Dopo un po' di silenzio, un silenzio imbarazzante stavolta, mi azzardai a parlare:
"Ricordami di non farti mai incazzare."
"Neanche io ci tengo," proseguì Marco, "il mio attrezzo mi serve, porca puttana!"
Lei rise sonoramente, "Tranquilli ragazzi, lui se lo meritava, e non vi ci vedo a fare gli stronzi."
"Neanche un po'?"
"Sicura al cento per cento?"
"Così mi fate preoccupare però!"
E con una risata mettemmo da parte quell'evento. Portammo su gli scatoloni e poi Marco mi fece capire che doveva parlarmi in privato, così lo accompagnai alla macchina.
"Allora, ti sei sistemato, eh?"
"Non proprio," risposi io, "è più complicato di quanto sembri.
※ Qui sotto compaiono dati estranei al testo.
(* If [e] is the spectral idempotent of [a * star a] at an eigenvalue
   [mu != 0], then [ltrace (a * (star a * e))] is [mu] times the rank of [e]. *)
Lemma ltrace_nondeg a : (forall b, ltrace (a * b) = 0) -> a = 0.
Proof.
move=> tr_a0; apply/eqP; apply: contraT => a0.
pose h := a * star a.
have h_sa : star h = h by rewrite starM starK.
have h0 : h != 0.
  apply: contra a0 => /eqP aa0; rewrite -[a]starK.
  by rewrite (star_mul_eq0 (x := star a)) ?star0 ?starK.
have [s hs] := exists_minimal_roots h; have [hs0 smin] := hs.
have us := minimal_roots_uniq h_sa hs.
have /hasP[mu mus mu0] : has (fun mu => mu != 0) s.
  apply: contraNT h0 => /hasPn s0.
  rewrite -[h]horner_algX (horner_alg_eq_on (q := 0) us hs0) ?rmorph0 //.
  by move=> nu /s0; rewrite hornerX horner0 => /negPn/eqP.
pose e := horner_alg h (lagrange_basis s mu).
have e_idem : e * e = e.
  rewrite -rmorphM; apply: (horner_alg_eq_on us hs0) => nu nus.
  rewrite hornerM horner_lagrange_basis //.
  by case: (nu == mu); rewrite ?mulr1 ?mulr0.
have he : h * e = mu *: e.
  rewrite -mulr_algl -(horner_algC h) -[X in X * _]horner_algX -!rmorphM.
  apply: (horner_alg_eq_on us hs0) => nu nus.
  rewrite !hornerM hornerX hornerC horner_lagrange_basis //.
  by case: eqVneq => [->|]; rewrite ?mulr0.
have e0 : e != 0.
  rewrite /e /lagrange_basis linearZ /= mulr_algl scaler_eq0 negb_or smin //.
  by rewrite invr_eq0 horner_prod_XsubC_rem.
have := tr_a0 (star a * e); rewrite mulrA -/h he linearZ /= ltrace_idem //.
move/eqP; rewrite mulf_eq0 (negbTE mu0) pnatr_eq0 mxrank_eq0 lmul_mx_eq0.
by rewrite (negbTE e0).
Qed.

Lemma eigenvalue_normc_le h x mu :
  x != 0 -> h * x = mu *: x -> Normc.normc mu <= nrm h.
Proof.
move=> x0 hx; have nx : 0 < nrm x.
  by rewrite lt_def nrm_ge0 andbT; apply: contra x0 => /eqP/nrm_eq0 ->.
by rewrite -(ler_pM2r nx) -nrmZ -hx nrmM.
Qed.

(* [y = z ^ (-1/2)], a polynomial in [z] interpolating [mu ^ (-1/2)] on the
   spectrum of [z], which is real and positive. *)
Lemma central_inv_sqrt z : star z = z -> (forall a, z * a = a * z) ->
  nrm (z - 1) < 1 ->
  exists y, [/\ star y = y, forall a, y * a = a * y & y * y * z = 1].
Proof.
move=> z_sa zC z_near1.
have [t zt] := exists_minimal_roots z; have [zt0 tmin] := zt.
have ut := minimal_roots_uniq z_sa zt.
have t_real mu : mu \in t -> (complex.Re mu)%:C = mu.
  move=> mut; apply: RRe_real; rewrite CrealE; apply/eqP.
  exact: minimal_roots_real z_sa zt mu mut.
have t_pos mu : mu \in t -> 0 < complex.Re mu.
  move=> mut; apply: normc_sub1_lt1_Re_gt0; apply: le_lt_trans z_near1.
  apply: (eigenvalue_normc_le (tmin mu mut)).
  by rewrite mulrBl (minimal_roots_eigenvector zt mut) mul1r scalerBl scale1r.
pose P := interpolation t (fun mu => ((Num.sqrt (complex.Re mu))^-1)%:C).
exists (horner_alg z P); split.
- rewrite horner_alg_star //; apply: (horner_alg_eq_on ut zt0) => mu mut.
  rewrite -{1}(minimal_roots_real z_sa zt mut) horner_map /=.
  by rewrite horner_interpolation // conjc_real.
- exact: horner_alg_central.
- have -> : horner_alg z P * horner_alg z P * z = horner_alg z (P * P * 'X).
    by rewrite !rmorphM /= horner_algX.
  rewrite -(rmorph1 (horner_alg z)); apply: (horner_alg_eq_on ut zt0) => mu mut.
  rewrite !hornerE horner_interpolation // -{3}(t_real mu mut) -!rmorphM /=.
  have Re_mu_gt0 := t_pos mu mut.
  by rewrite -invfM -expr2 sqr_sqrtr ?ltW // mulVf ?gt_eqF.
Qed.

Lemma nrm_star_mul_sub1 v : nrm (v - 1) <= 4^-1 -> nrm (star v * v - 1) < 1.
Proof.
have [w ->] : exists w, v = 1 + w by exists (v - 1); rewrite addrC subrK.
rewrite addrC addKr => w_small.
have -> : star (1 + w) * (1 + w) - 1 = star w + w + star w * w.
  rewrite starD star1 mulrDl !mul1r mulrDr mulr1.
  by rewrite [LHS]addrC !addrA addNr add0r [w + _]addrC.
have w_ge0 := nrm_ge0 w.
apply: le_lt_trans (nrmD _ _) _.
apply: le_lt_trans (lerD (nrmD _ _) (nrmM _ _)) _.
rewrite nrm_star; nra.
Qed.

(* [u = v * (star v * v) ^ (-1/2)] is a unitary implementing [f]. *)
Lemma intertwiner_inner f v : is_star_automorphism star f ->
  (forall a, f a * v = v * a) -> nrm (v - 1) <= 4^-1 -> is_inner star f.
Proof.
case=> _ _ f_star _ fv v_near1.
pose z := star v * v.
have z_sa : star z = z by rewrite starM starK.
have star_v_f a : star v * f a = a * star v.
  by have := congr1 star (fv (star a)); rewrite !starM f_star !starK.
have zC a : z * a = a * z by rewrite /z -mulrA -fv !mulrA star_v_f.
have [y [y_sa yC yyz]] := central_inv_sqrt z_sa zC (nrm_star_mul_sub1 v_near1).
pose u := v * y.
have uu : star u * u = 1.
  by rewrite /u starM y_sa !mulrA -(mulrA y) -/z -mulrA zC mulrA yyz.
exists u; split => // [|a]; first exact: mul_eq1C.
have fu : f a * u = u * a by rewrite /u mulrA fv -mulrA -yC mulrA.
by rewrite -[f a]mulr1 -(mul_eq1C uu) mulrA fu.
Qed.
Per ora diciamo solo che siamo coinquilini."
"Aha, okay. Sicuro di non averci scopato? Neanche una volta?"
Sospirai, "Sì, un paio di volte, perché?"
"Ma niente, così, per sapere. Un'altra cosa, Andrea ti vuole parlare."
"Beh, può chiamarmi, no?"
"Lei preferirebbe di persona, sai com'è..."
"No, non lo so com'è. L'ultima volta che ci siamo visti usciva con uno e non ci sono rimasto molto bene."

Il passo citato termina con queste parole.